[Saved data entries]
Lemma pointed_seq_proj x ys d :
  pointed_seq (x :: ys) -> x != 0 -> 0 <= dot d x ->
  (forall y, y \in ys -> dot d y <= 0) ->
  pointed_seq [seq (- dot d y) *: x + dot d x *: y | y <- ys].
Proof.
move=> pxys x0 dx dys lam lam0; rewrite size_map => sum0 i lti.
have dyi j : (j < size ys)%N -> 0 <= - dot d ys`_j.
  by move=> ltj; rewrite oppr_ge0 dys ?mem_nth.
have [] := pointed_seq_cons (a := \sum_(j < size ys) lam j * - dot d ys`_j)
  (lam := fun j => lam j * dot d x) pxys.
- by apply: sumr_ge0 => j _; rewrite mulr_ge0 ?dyi.
- by move=> j; rewrite mulr_ge0.
- rewrite -[RHS]sum0 scaler_suml -big_split /=; apply: eq_bigr => j _.
  by rewrite (nth_map 0) // scalerDr !scalerA.
move=> /eqP; rewrite scaler_eq0 (negPf x0) orbF => /eqP/psumr_eq0P sum0' H.
have /(_ (Ordinal lti) isT) lamdy0 :=
  sum0' (fun j _ => mulr_ge0 (lam0 j) (dyi j (ltn_ord j))).
by rewrite (nth_map 0) // scalerDr !scalerA lamdy0 scale0r add0r H.
Qed.

Lemma perturb_dot_lt0 ys e f :
  (forall y, y \in ys -> y != 0 -> dot e y < 0) ->
  exists2 eps, 0 < eps & forall y, y \in ys -> y != 0 -> dot (e + eps *: f) y < 0.
Proof.
move=> ey; suff [eps eps0 H] : exists2 eps, 0 < eps &
    forall eps', 0 < eps' -> eps' <= eps ->
    forall y, y \in ys -> y != 0 -> dot (e + eps' *: f) y < 0.
  by exists eps => //; apply: H.
elim: ys ey => [|y ys IH] ey; first by exists 1.
have [|eps1 eps1_gt0 H1] := IH; first by move=> z zys; apply: ey; rewrite inE zys orbT.
have [->|y0] := eqVneq y 0.
  exists eps1 => // eps' ? ? z; rewrite inE => /orP[/eqP->|].
    by rewrite eqxx.
  exact: H1.
have eyl : dot e y < 0 by apply: ey; rewrite ?inE ?eqxx.
pose eps2 := - dot e y / (`|dot f y| + 1).
have eps2_gt0 : 0 < eps2 by rewrite divr_gt0 ?oppr_gt0 // ltr_wpDl.
exists (Order.min eps1 eps2) => [|eps' eps'0]; first by rewrite lt_min eps1_gt0.
rewrite le_min => /andP[le1 le2] z; rewrite inE => /orP[/eqP->|]; last exact: H1.
move=> _; rewrite dotDl dotZl.
have : eps' * dot f y < - dot e y.
  apply: le_lt_trans (ler_norm _) _; rewrite normrM (gtr0_norm eps'0).
  apply: (lt_le_trans (y := eps' * (`|dot f y| + 1))); first by rewrite ltr_pM2l // ltrDl.
  by rewrite -ler_pdivlMr // ltr_wpDl.
lra.
Qed.

(* For
   xs = x :: ys with a separator d of ys and x . d >= 0, the vectors
   g y = (x . d) y - (y . d) x lie in d^perp and form a pointed family; a
   separator d' of them yields e = (x . d) d' - (x . d') d with e . y = d' . g y
   and e . x = 0, and e - eps x separates xs for small eps. *)
Lemma pointed_seq_separator xs :
  pointed_seq xs -> exists d, forall x, x \in xs -> x != 0 -> dot d x < 0.
Proof.
have [n] := ubnP (size xs); elim: n xs => // n IH [|x ys] /= szn pxys.
  by exists 0.
have [d dys] := IH ys szn (pointed_seq_behead pxys).
have dys_le y : y \in ys -> dot d y <= 0.
  by move=> yys; have [->|/(dys _ yys)/ltW] := eqVneq y 0; rewrite ?dot0r.
have [->|x0] := eqVneq x 0.
  by exists d => z; rewrite inE => /orP[/eqP->|]; [rewrite eqxx | exact: dys].
have [dx|dx] := ltP (dot d x) 0.
  by exists d => z; rewrite inE => /orP[/eqP->|] //; exact: dys.
pose g y := (- dot d y) *: x + dot d x *: y.
have [d' d'g] : exists d', forall y, y \in ys -> g y != 0 -> dot d' (g y) < 0.
  have [||d' H] := IH [seq g y | y <- ys]; first by rewrite size_map.
    exact: pointed_seq_proj.
  by exists d' => y yys; apply: H; exact: map_f.
have gy0 y : y \in ys -> y != 0 -> g y != 0.
  move=> yys y0; apply: contraTneq (dys y yys y0) => gy; rewrite -leNgt.
  have dy_ge0 : 0 <= - dot d y by rewrite oppr_ge0 dys_le.
  have /eqP := pointed_seq_pair pxys yys dy_ge0 dx gy.
  by rewrite scaler_eq0 (negPf x0) orbF oppr_eq0 => /eqP->.
pose e := dot d x *: d' - dot d' x *: d.
have ex : dot e x = 0 by rewrite dotBl !dotZl mulrC subrr.
have ey y : y \in ys -> y != 0 -> dot e y < 0.
  move=> yys y0; have := d'g y yys (gy0 y yys y0).
  rewrite dotBl !dotZl dotDr !dotZr (dotC d' x) (dotC d x) (dotC d' y) (dotC d y).
  by move=> h; nra.
have [eps eps0 Heps] := perturb_dot_lt0 (- x) ey.
exists (e + eps *: - x) => z; rewrite inE => /orP[/eqP-> _|]; last exact: Heps.
by rewrite dotDl dotZl dotNl ex add0r mulrN oppr_lt0 mulr_gt0 ?dotvv_gt0.
Qed.

End Gordan.

Section VertexWalk.
Variables (R : realFieldType) (m n : nat) (A : 'M[R]_(n, m)) (b : 'I_n -> R).
Variable S : pred 'I_n.
Hypothesis A_full : row_full A.
Implicit Types d u : 'rV[R]_m.

Definition feasible d := forall i, S i -> dot (row i A) d <= b i.

Definition tight d i := dot (row i A) d == b i.

Definition tight_rows d : 'M[R]_(n, m) :=
  \matrix_(i, j) if tight d i then A i j else 0.

Lemma row_tight_rows d i : row i (tight_rows d) = if tight d i then row i A else 0.
Proof. by apply/rowP => j; rewrite !mxE; case: ifP; rewrite ?mxE. Qed.

Lemma exists_dot_row_neq0 u : u != 0 -> exists i, dot (row i A) u != 0.
Proof.
move=> u0; apply/existsP; apply: contraNT u0; rewrite negb_exists => /forallP Au0.
have /row_fullP[B BA] := A_full.
have Au : A *m u^T = 0.
  by apply/colP => i; have /negPn/eqP := Au0 i; rewrite dot_mulmx -row_mul !mxE.
by rewrite -[u]trmxK -[u^T]mul1mx -BA -mulmxA Au mulmx0 trmx0.
Qed.

Lemma exists_tight_orth d : (\rank (tight_rows d) < m)%N ->
  exists2 u, u != 0 & forall i, tight d i -> dot (row i A) u = 0.
Proof.
move=> lt_rk; have [u uK u0] :
    exists2 u : 'rV[R]_m, (u <= kermx (tight_rows d)^T)%MS & u != 0.
  by apply/rowV0Pn; rewrite -mxrank_eq0 mxrank_ker mxrank_tr -lt0n subn_gt0.
exists u => // i ti; move/sub_kermxP: uK => /rowP/(_ i).
rewrite dotC dot_mulmx [RHS]mxE => <-.
by rewrite !mxE; apply: eq_bigr => j _; rewrite !mxE ti.
Qed.

(* The moves along u fix every tight row, and the new tight row i is not
   orthogonal to u, hence not in the span of the old ones. *)
Lemma rank_tight_rows_lt d u t i :
  (forall k, tight d k -> dot (row k A) u = 0) ->
  tight (d + t *: u) i -> dot (row i A) u != 0 ->
  (\rank (tight_rows d) < \rank (tight_rows (d + t *: u)))%N.
Proof.
move=> uo ti ui.
suff : (tight_rows d < tight_rows (d + t *: u))%MS by rewrite ltmxErank => /andP[].
rewrite ltmxE; apply/andP; split.
  apply/row_subP => k; rewrite row_tight_rows; case: ifP => tk; last exact: sub0mx.
  have tk' : tight (d + t *: u) k by rewrite /tight dotDZr uo // mulr0 addr0.
  by have := row_sub k (tight_rows (d + t *: u)); rewrite row_tight_rows tk'.
apply: contra ui => /row_subP/(_ i); rewrite row_tight_rows ti => /submxP[D ->].
have Tu : tight_rows d *m u^T = 0.
  apply/colP => k; have : dot (row k (tight_rows d)) u = 0.
    by rewrite row_tight_rows; case: ifP => tk; rewrite ?uo ?dot0l.
  by rewrite dot_mulmx -row_mul !mxE.
by rewrite dot_mulmx -mulmxA Tu mulmx0 mxE.
Qed.

Lemma ratio_test d u k : feasible d -> S k -> 0 < dot (row k A) u ->
  exists t i, [/\ feasible (d + t *: u), tight (d + t *: u) i & dot (row i A) u != 0].
Proof.
move=> fd Sk uk.
pose F i := (b i - dot (row i A) d) / dot (row i A) u.
have [i /andP[Si ui] Fi] := arg_minP F (P := fun i => S i && (0 < dot (row i A) u))
  (introT andP (conj Sk uk)).
exists (F i), i; split; last exact: lt0r_neq0.
- move=> j Sj; rewrite dotDZr; have := fd j Sj.
  have [uj|uj] := ltP 0 (dot (row j A) u).
    by have := Fi j (introT andP (conj Sj uj)); rewrite ler_pdivlMr // => h1 h2; lra.
  have : F i * dot (row j A) u <= 0.
    by rewrite mulr_ge0_le0 // divr_ge0 ?subr_ge0 ?fd // ltW.
  lra.
- by rewrite /tight dotDZr divfK ?lt0r_neq0 // addrC subrK.
Qed.

Lemma feasible_step d : feasible d -> (\rank (tight_rows d) < m)%N ->
  exists2 d', feasible d' & (\rank (tight_rows d) < \rank (tight_rows d'))%N.
Proof.
move=> fd lt_rk; have [u u0 uo] := exists_tight_orth lt_rk.
suff [t [i [fd' ti ui]]] : exists t i,
    [/\ feasible (d + t *: u), tight (d + t *: u) i & dot (row i A) u != 0].
  by exists (d + t *: u) => //; exact: rank_tight_rows_lt ti ui.
have [/existsP[k /andP[Sk uk]] | S_orth] :=
  boolP [exists k, S k && (dot (row k A) u != 0)].
  have [uk_gt|uk_lt] := ltP 0 (dot (row k A) u); first exact: ratio_test uk_gt.
  have [|t [i [fd' ti ui]]] := @ratio_test d (- u) k fd Sk.
    by rewrite dotNr oppr_gt0 lt_neqAle uk.
  by exists (- t), i; rewrite scaleNr -scalerN -oppr_eq0 -dotNr.
have [i ui] := exists_dot_row_neq0 u0.
exists ((b i - dot (row i A) d) / dot (row i A) u), i; split => //.
  move=> j Sj; rewrite dotDZr; move: S_orth; rewrite negb_exists => /forallP/(_ j).
  by rewrite Sj negbK => /eqP->; rewrite mulr0 addr0 fd.
by rewrite /tight dotDZr divfK // addrC subrK.
Qed.

Lemma exists_feasible_vertex d : feasible d ->
  exists d' (f : 'I_m -> 'I_n), [/\ feasible d', rowsub f A \in unitmx
    & rowsub f A *m d'^T = \col_k b (f k)].
Proof.
move=> fd; have [d' fd' full] : exists2 d', feasible d' & row_full (tight_rows d').
  have [k] := ubnP (m - \rank (tight_rows d)); elim: k d fd => // k IH d fd lek.
  have [lt_rk|ge_rk] := ltnP (\rank (tight_rows d)) m.
    have [d2 fd2 lt2] := feasible_step fd lt_rk; apply: IH fd2 _; lia.
  by exists d => //; rewrite /row_full eqn_leq rank_leq_col.
pose f := fullrankfun full.
have tf k : tight d' (f k).
  apply: contraTT (fullrowsub_unit full) => nk.
  rewrite unitmxE unitfE negbK (expand_det_row _ k) big1 // => j _.
  by rewrite !mxE (negPf nk) mul0r.
exists d', f; split => //.
  rewrite -(_ : rowsub f (tight_rows d') = rowsub f A) ?fullrowsub_unit //.
  by apply/matrixP => k j; rewrite !mxE tf.
apply/colP => k; rewrite [RHS]mxE; have /eqP <- := tf k.
by rewrite !mxE; apply: eq_bigr => j _; rewrite !mxE.
Qed.

End VertexWalk.

(* For invertible M, this is |det M| M^-1 c, by Cramer's rule. *)
Definition scaled_cramer m (M : 'M[int]_m) (c : 'cV[int]_m) : 'rV[int]_m :=
  (Num.sg (\det M) *: (\adj M *m c))^T.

* Your assignment: Copy the records above exactly, beginning at the line that contains "rewrite le_min =>" and stopping after the line that contains "pose g y := (- dot d y) *: x + dot d x *: y.".

* Result of the task:
rewrite le_min => /andP[le1 le2] z; rewrite inE => /orP[/eqP->|]; last exact: H1.
move=> _; rewrite dotDl dotZl.
have : eps' * dot f y < - dot e y.
  apply: le_lt_trans (ler_norm _) _; rewrite normrM (gtr0_norm eps'0).
  apply: (lt_le_trans (y := eps' * (`|dot f y| + 1))); first by rewrite ltr_pM2l // ltrDl.
  by rewrite -ler_pdivlMr // ltr_wpDl.
lra.
Qed.

(* For
   xs = x :: ys with a separator d of ys and x . d >= 0, the vectors
   g y = (x . d) y - (y . d) x lie in d^perp and form a pointed family; a
   separator d' of them yields e = (x . d) d' - (x . d') d with e . y = d' . g y
   and e . x = 0, and e - eps x separates xs for small eps. *)
Lemma pointed_seq_separator xs :
  pointed_seq xs -> exists d, forall x, x \in xs -> x != 0 -> dot d x < 0.
Proof.
have [n] := ubnP (size xs); elim: n xs => // n IH [|x ys] /= szn pxys.
  by exists 0.
have [d dys] := IH ys szn (pointed_seq_behead pxys).
have dys_le y : y \in ys -> dot d y <= 0.
  by move=> yys; have [->|/(dys _ yys)/ltW] := eqVneq y 0; rewrite ?dot0r.
have [->|x0] := eqVneq x 0.
  by exists d => z; rewrite inE => /orP[/eqP->|]; [rewrite eqxx | exact: dys].
have [dx|dx] := ltP (dot d x) 0.
  by exists d => z; rewrite inE => /orP[/eqP->|] //; exact: dys.
pose g y := (- dot d y) *: x + dot d x *: y.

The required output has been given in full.